By mellowburnyoga, Apr 14 2020 11:22AM

One of the particularly nasty elements of the Corona virus series is the ruthless attack on the respiratory system. Never does it quite impact on the body as when the breath is negatively affected.


Our ability to inhale and exhale is quite literally what sustains us. Without it, we simply cannot survive, even beyond a few short minutes.


Our breath is also a mirror to our expressions of emotions. Consider the way you breathe when you're upset and crying. Then think about how you breathe when you're laughing or cheering... How about when you sing? And how about when you're deep in concentration?


It's a fascinating coincidence that we depend on the natural elements around us to be able to breathe. We quite literally make an exchange with the universe with every breath. We inhale and draw oxygen that the trees expel and exhale as the trees drink it back in. Even the construction of our lungs mirrors the branches of trees, because it's the most effective way to distribute into the inner or outer worlds of our bodies and the atmosphere.


We breath in and out 960 times an hour, 24,000 breaths a day. Oxygen supports and sustains every cell in the body, and within our exhale we expell toxins meaning our breath is also cleansing. Our lungs and respiratory system are so fundamental to the quality of life, yet so many of us are prepared to gamble this resource by impairing our lungs though smoking.


Our resting breath is shallow and taken care of by the automatic part of the brain. But this rest breath only involves around 1/6th of our actual lung capacity. Deep, enriching, detoxifying breathing is like a bonus ball for the body, but normally these come in the form of yawning or gasping. It is really important to spend time using breathing techniques to get into the deepest chambers of the lungs for the biggest benefits.


Shallow breathing keeps us alive, but when our corisol levels rise because we're stressed out, our body needs more oxygen. Instead it typically gets less! Dizziness, hot flushes and feeling faint are all common symptoms of heightened anxiety and yet without proper measured deep breaths, our body goes into panic mode. Our heart rate increases, our pupils dilate. We feel nautious and are unable to think clearly or consiously. Panic attacks can be crippling. Using the right breathing techniques can and do send strong messages to our nervous system and body that calm quickly and effectively.


Yoga and Breathing


Yoga strongly focuses on the art of breathing correctly and fully as a form of mediation, to increase longevity and to contain energy. The onus is on the breath being a kind of bridge between the physical and spiritual self, enabling us to move from the material world to the inner world.


Breath and breathing techniques are called Pranayama - literally translastes as 'Life Force Control' - because yogis believe that by controlling your breath, you are controlling elements of your life and your being. Different types of pranayama cultivate different types of energy - slow breathing is meditative and calming. Breath retention is cleansing and energy manipulation. Faster paced breaths are a full on energy charge.

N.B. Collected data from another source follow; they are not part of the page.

(* Fix $0<q<1$. For $t_0>\log(1/q)$ and $\varepsilon>0$ define $$\omega^*(\varepsilon;t_0)=\sup\{|T_q(G')-t_0|:\ G\in\mathcal G,\ T_q(G)=t_0,\ \|G-G'\|\le\varepsilon\},$$ the supremum being over such $G$ and cdfs $G'$. Then for each fixed $t_0>\log(1/q)$, $$\omega^*(\varepsilon;t_0)\le\frac{q}{\log(1/q)}\,t_0e^{t_0}\,\varepsilon\,(1+o(1))\quad\text{as }\varepsilon\to0.$$
   Context: $E(t)=1-e^{-t}$, $\bar E=1-E$, $\bar G=1-G$. $\mathcal G=\{E\#F:F$ a probability distribution on $[1,\infty)\}$ with $(E\#F)(t)=\int E(t/\mu)\,dF(\mu)$. FDR functional $T_q(G)=\inf\{t:\bar G(t)\ge\frac1q\bar E(t)\}$ for any cdf $G$. $\|G-G'\|=\sup_t|G(t)-G'(t)|$ (Kolmogorov–Smirnov distance). *)

From HB Require Import structures.
From mathcomp Require Import all_boot all_order all_algebra.
From mathcomp Require Import all_classical all_reals all_analysis.
Set Implicit Arguments. Unset Strict Implicit. Unset Printing Implicit Defensive.
Import Order.TTheory GRing.Theory Num.Theory.
Import numFieldNormedType.Exports.
Local Open Scope classical_set_scope.
Local Open Scope ring_scope.

Section Defs.
Variable R : realType.

Definition Ecdf (t : R) : R := if 0 <= t then 1 - expR (- t) else 0.

Definition is_cdf (G : R -> R) : Prop :=
  {homo G : x y / x <= y} /\
  (forall t, G x @[x --> t^'+] --> G t) /\
  (G x @[x --> -oo] --> (0:R)) /\
  (G x @[x --> +oo] --> (1:R)).

(* the class  \mathcal G = { E # F : F a probability distribution on [1,oo) } *)
Definition in_calG (G : R -> R) : Prop :=
  exists F : probability R R,
    F `[(1:R), +oo[%classic = 1%E /\
    forall t, (G t)%:E = (\int[F]_(mu in setT) (Ecdf (t / mu))%:E)%E.

Definition ksdist (G G' : R -> R) : \bar R :=
  ereal_sup (range (fun t => (`|G t - G' t|)%:E)).

(* FDR functional T_q(G) = inf { t : 1 - G t >= (1/q)(1 - E t) }, inf of empty = +oo *)
Definition Tq (q : R) (G : R -> R) : \bar R :=
  ereal_inf [set t%:E | t in [set t : R | q^-1 * (1 - Ecdf t) <= 1 - G t]].

Definition omega_star (q eps t0 : R) : \bar R :=
  ereal_sup [set (`| Tq q G' - t0%:E |)%E | G' in
    [set G' : R -> R | is_cdf G' /\
       exists G, in_calG G /\ Tq q G = t0%:E /\ (ksdist G G' <= eps%:E)%E]].
End Defs.

From HB Require Import structures.
From mathcomp Require Import all_boot all_order all_algebra.
From mathcomp Require Import all_classical all_reals all_analysis.
From mathcomp Require Import measurable_realfun ring lra.
Import Order.TTheory GRing.Theory Num.Theory.
Import numFieldNormedType.Exports.
Local Open Scope classical_set_scope.
Local Open Scope ring_scope.

Set Implicit Arguments. Unset Strict Implicit.

(* For G = E#F and t >= 0, h(t) := e^t (1 - G t) = \int e^{t (1 - 1/mu)} dF(mu) is
   the Laplace transform of a law on [0, 1].  Hence e^(s-t) h(t) <= h(s) for s <= t,
   which forces h(t0) = 1/q at t0 = T_q(G).  Since x ln x lies above its tangents,
   h(t0 + d) >= h(t0) (1 + (d / t0) ln h(t0)), and symmetrically to the left of t0,
   so h leaves the level 1/q at rate at least q^-1 ln(1/q) / t0.  A
   Kolmogorov-Smirnov perturbation of size eps moves e^t (1 - G t) by at most
   e^t eps, hence moves the crossing point by at most about
   t0 e^t0 eps q / ln(1/q). *)

Lemma ler_of_expRN_mulr (R : realType) (x y r : R) : 0 < r ->
  (forall u, 0 < u -> u <= r -> expR (- u) * x <= y) -> x <= y.
Proof.
move=> r0 xle.
have expx : (fun u => expR (- u) * x) @ 0^'+ --> x.
  suff cont : (fun u => expR (- u) * x) @ 0 --> expR (- 0) * x.
    by rewrite oppr0 expR0 mul1r in cont; exact: cvg_within_filter.
  apply: cvgMr_tmp; apply: continuous_comp; [exact: opp_continuous | exact: continuous_expR].
apply: (cvgr_to_le expx); near=> u; apply: xle; near: u; first exact: nbhs_right_gt.
exact: nbhs_right_le.
Unshelve. all: end_near.
Qed.

Section tangent_inequalities.
Variable R : realType.

Lemma xlnx_ge_tangent (c x : R) : 0 < c -> 0 < x -> (ln c + 1) * x - c <= x * ln x.
Proof.
move=> c0 x0; have := expR_ge1Dx (ln (c / x)).
rewrite lnK ?posrE ?divr_gt0 // lnM ?posrE ?invr_gt0 // lnV ?posrE //.
rewrite -(ler_pM2l x0) mulrCA divff ?gt_eqF // mulr1; lra.
Qed.

Lemma expR_shift_ge (c t d a : R) : 0 < c -> 0 < t -> 0 <= d ->
  expR (t * a) + d / t * ((ln c + 1) * expR (t * a) - c) <= expR ((t + d) * a).
Proof.
move=> c0 t0 d0; set X := expR (t * a).
have X0 : 0 < X := expR_gt0 _.
have lnX : ln X = t * a by rewrite expRK.
have tangent : d / t * ((ln c + 1) * X - c) <= X * (d * a).
  rewrite (_ : X * (d * a) = d / t * (X * ln X)); last by rewrite lnX; field; rewrite gt_eqF.
  by apply: ler_wpM2l; [exact: divr_ge0 d0 (ltW t0) | exact: xlnx_ge_tangent].
have : X * (1 + d * a) <= X * expR (d * a) by rewrite ler_pM2l // expR_ge1Dx.
by rewrite [(t + d) * a]mulrDl expRD -/X; lra.
Qed.

Lemma expR_shift_le (c t s a : R) : 0 < c -> 0 < t -> 0 <= s -> 0 <= a <= 1 ->
  expR ((t - s) * a) <= expR (t * a) - s / ((1 + s) * t) * ((ln c + 1) * expR (t * a) - c).
Proof.
move=> c0 t0 s0 /andP[a0 a1]; set X := expR (t * a).
have X0 : 0 < X := expR_gt0 _.
have lnX : ln X = t * a by rewrite expRK.
have s1 : 0 < 1 + s by lra.
have tangent : s / ((1 + s) * t) * ((ln c + 1) * X - c) <= X * (s * a / (1 + s)).
  rewrite (_ : X * _ = s / ((1 + s) * t) * (X * ln X)).
    by apply: ler_wpM2l; [rewrite divr_ge0 // mulr_ge0 // ltW | exact: xlnx_ge_tangent].
  by rewrite lnX; field; rewrite !gt_eqF.
have factor : 1 <= (1 - s * a / (1 + s)) * (1 + s * a).
  have -> : (1 - s * a / (1 + s)) * (1 + s * a) = 1 + s ^+ 2 * a * (1 - a) / (1 + s).
    by field; rewrite gt_eqF.
  rewrite lerDl; apply: divr_ge0 (ltW s1).
  by rewrite mulr_ge0 ?subr_ge0 // mulr_ge0 ?sqr_ge0.
have split_exp : expR ((t - s) * a) * (1 + s * a) <= X.
  rewrite /X (_ : t * a = (t - s) * a + s * a); last by ring.
  by rewrite expRD ler_pM2l ?expR_gt0 ?expR_ge1Dx.
have m1 : 0 <= 1 - s * a / (1 + s).
  by rewrite subr_ge0 ler_pdivrMr // mul1r; nra.
suff : expR ((t - s) * a) <= (1 - s * a / (1 + s)) * X by lra.
apply: le_trans (ler_wpM2l m1 split_exp).
by rewrite mulrCA ler_pMr ?expR_gt0.
Qed.

End tangent_inequalities.

Section concentrated_probability.
Context d (T : measurableType d) (R : realType) (P : probability T R).
Variables (D : set T) (mD : measurable D) (PD : P D = 1%E).

Lemma integral_concentrated (f : T -> \bar R) : P.-integrable setT f ->
  (\int[P]_(x in setT) f x = \int[P]_(x in D) f x)%E.
Proof.
move=> intf; have mDC : measurable (~` D) by exact: measurableC.
have PDC : P (~` D) = 0%E by rewrite probability_setC // PD subee.
by rewrite (negligible_integral mDC measurableT intf PDC) setTD setCK.
Qed.

Lemma integral_concentrated_le_cst (f : T -> \bar R) (g : R) :
  P.-integrable setT f -> (forall x, D x -> (f x <= g%:E)%E) ->
  (\int[P]_(x in setT) f x <= g%:E)%E.
Proof.
move=> intf fg; rewrite (integral_concentrated intf).
apply: (@le_trans _ _ (\int[P]_(x in D) g%:E)%E).
  apply: le_integral => //; first exact: integrableS intf.
    exact: finite_measure_integrable_cst.
  by move=> x /[!inE] Dx; rewrite fg.
by rewrite integral_cst //= PD mule1.
Qed.

End concentrated_probability.

Section exponential_cdf.
Variable R : realType.

Lemma Ecdf_ge0 (x : R) : 0 <= Ecdf x.
Proof. by rewrite /Ecdf; case: ifPn => // x0; rewrite subr_ge0 expR_le1 oppr_le0. Qed.

Lemma Ecdf_le1 (x : R) : Ecdf x <= 1.
Proof. by rewrite /Ecdf; case: ifPn => // x0; rewrite gerBl expR_ge0. Qed.

Lemma Ecdf_nondecreasing : {homo @Ecdf R : x y / x <= y}.
Proof.
move=> x y xy; rewrite /Ecdf; case: ifPn => x0; last exact: (Ecdf_ge0 y).
by rewrite (le_trans x0 xy) lerB // ler_expR lerN2.
Qed.

Lemma measurable_invr : measurable_fun [set: R] (@GRing.inv R).
Proof.
have -> : [set: R] = ~` [set 0] `|` [set 0] by rewrite setUC setUv.
have mC : measurable (~` [set (0:R)]) by exact: measurableC.
apply/(measurable_funU _ mC (measurable_set1 _)); split; last exact: measurable_fun_set1.
apply: open_continuous_measurable_fun.
  have -> : ~` [set (0:R)] = [set x | x != 0] by apply/seteqP; split => x /= /eqP.
  exact: open_neq.
by move=> x /[!inE] /eqP x0; apply: inv_continuous.
Qed.

Lemma measurable_Ecdf_div (t : R) : measurable_fun [set: R] (fun mu => Ecdf (t / mu)).
Proof.
apply: measurableT_comp; first exact: nondecreasing_measurable Ecdf_nondecreasing.
exact: measurable_funM measurable_invr.
Qed.

Lemma Ecdf_div_integrable (P : probability R R) (t : R) :
  P.-integrable setT (EFin \o (fun mu => Ecdf (t / mu))).
Proof.
apply: measurable_bounded_integrable => //.
- exact: (le_lt_trans (probability_le1 P measurableT) (ltry 1)).
- exact: measurable_Ecdf_div.
- rewrite /bounded_near; near=> M => x _ /=.
  rewrite ger0_norm ?Ecdf_ge0 //; apply: le_trans (Ecdf_le1 _) _.
  by near: M; exact: nbhs_pinfty_ge.
Unshelve. all: end_near.
Qed.

Lemma expR_survival_Ecdf_div (t mu : R) : 0 <= t -> 0 < mu ->
  expR t * (1 - Ecdf (t / mu)) = expR (t * (1 - mu^-1)).
Proof.
move=> t0 mu0; rewrite /Ecdf (divr_ge0 t0 (ltW mu0)) subKr.
by rewrite -expRD mulrBr mulr1.
Qed.

End exponential_cdf.

Section fdr_functional.
Variable R : realType.
Implicit Types (q t eps : R) (G H : R -> R).

Definition esurv G t : R := expR t * (1 - G t).

Definition fdr_admissible q G t : bool := q^-1 * (1 - Ecdf t) <= 1 - G t.

Lemma Tq_le q G t : fdr_admissible q G t -> (Tq q G <= t%:E)%E.
Proof. by move=> adm; apply: ereal_inf_lbound; exists t. Qed.

Lemma Tq_ge q G (t0 : R) : (forall t, fdr_admissible q G t -> t0 <= t) -> (t0%:E <= Tq q G)%E.
Proof. by move=> lb; apply: le_ereal_inf_tmp => _ [t adm <-]; rewrite lee_fin lb. Qed.

Lemma Tq_lt q G (t0 : R) : (Tq q G < t0%:E)%E -> exists2 t, fdr_admissible q G t & t < t0.
Proof. by move=> /ereal_inf_lt[_ [t adm <-]]; rewrite lte_fin; exists t. Qed.

Lemma fdr_admissibleE q G t : 0 <= t -> fdr_admissible q G t = (q^-1 <= esurv G t).
Proof.
move=> t0; rewrite /fdr_admissible /esurv /Ecdf t0 subKr expRN mulrC.
by rewrite ler_pdivrMl ?expR_gt0.
Qed.

Lemma esurv_dist G H t : `|esurv G t - esurv H t| = expR t * `|G t - H t|.
Proof.
rewrite /esurv -mulrBr normrM gtr0_norm ?expR_gt0 // distrC.
by congr (_ * `|_|); ring.
Qed.

Lemma ksdist_le G H eps : (ksdist G H <= eps%:E)%E -> forall t, `|G t - H t| <= eps.
Proof.
move=> ks t; rewrite -lee_fin; apply: le_trans ks.
by apply: ereal_sup_ubound; exists t.
Qed.

End fdr_functional.

Section exponential_mixture.
Variable R : realType.
Variables (F : probability R R) (G : R -> R).
Hypothesis F_support : F `[(1:R), +oo[%classic = 1%E.
Hypothesis G_mixture :
  forall t, (G t)%:E = (\int[F]_(mu in setT) (Ecdf (t / mu))%:E)%E.

Lemma G_ge0 (t : R) : 0 <= G t.
Proof. by rewrite -lee_fin G_mixture; apply: integral_ge0 => mu _; rewrite lee_fin Ecdf_ge0. Qed.

Lemma mixture_lin2_le (a b g t1 t2 : R) :
  (forall mu, 1 <= mu -> a * Ecdf (t1 / mu) + b * Ecdf (t2 / mu) <= g) ->
  a * G t1 + b * G t2 <= g.
Proof.
move=> pointwise; have int1 := integrableZl measurableT a (Ecdf_div_integrable F t1).
have int2 := integrableZl measurableT b (Ecdf_div_integrable F t2).
rewrite -lee_fin EFinD !EFinM !G_mixture.
rewrite -!integralZl ?Ecdf_div_integrable // -integralD //.
apply: (integral_concentrated_le_cst _ F_support) => //; first exact: integrableD.
by move=> mu /= /[!in_itv] /= /andP[mu1 _]; rewrite -!EFinM -EFinD lee_fin pointwise.
Qed.

Lemma esurv_lin2_le (al be ga t1 t2 : R) : 0 <= t1 -> 0 <= t2 ->
  (forall a, 0 <= a <= 1 -> al * expR (t1 * a) + be * expR (t2 * a) <= ga) ->
  al * esurv G t1 + be * esurv G t2 <= ga.
Proof.
move=> t1_ge0 t2_ge0 pointwise.
suff : - (al * expR t1) * G t1 + - (be * expR t2) * G t2
    <= ga - al * expR t1 - be * expR t2 by rewrite /esurv; lra.
apply: mixture_lin2_le => mu mu1; have mu0 : 0 < mu := lt_le_trans ltr01 mu1.
have a01 : 0 <= 1 - mu^-1 <= 1.
  by rewrite subr_ge0 invf_le1 // mu1 lerBlDr lerDl invr_ge0 ltW.
have := pointwise _ a01.
rewrite -!expR_survival_Ecdf_div //; lra.
Qed.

By simple definition, concentrating on breathing means to concentrate on the now and this is a fundamental part of yoga too. Once familiar, we can use pranayama techniques in our lives off the mat too. with an array of different methods of breath useful for coping with whatever life throws at us.


5 Benefits of Better Breath Control


1. Better sleep. Consider how you sleep after you've been swimming or for a long walk in the countryside. Big bursts of oxygen in the system, cleanses and revives. Everything works better and our body is able to drop gear into relaxation because we've dealt with toxins. We can use breath techniques such as counted breath, samvritti (equal length) breath, or simply an elongated exhale to trigger the relaxation response.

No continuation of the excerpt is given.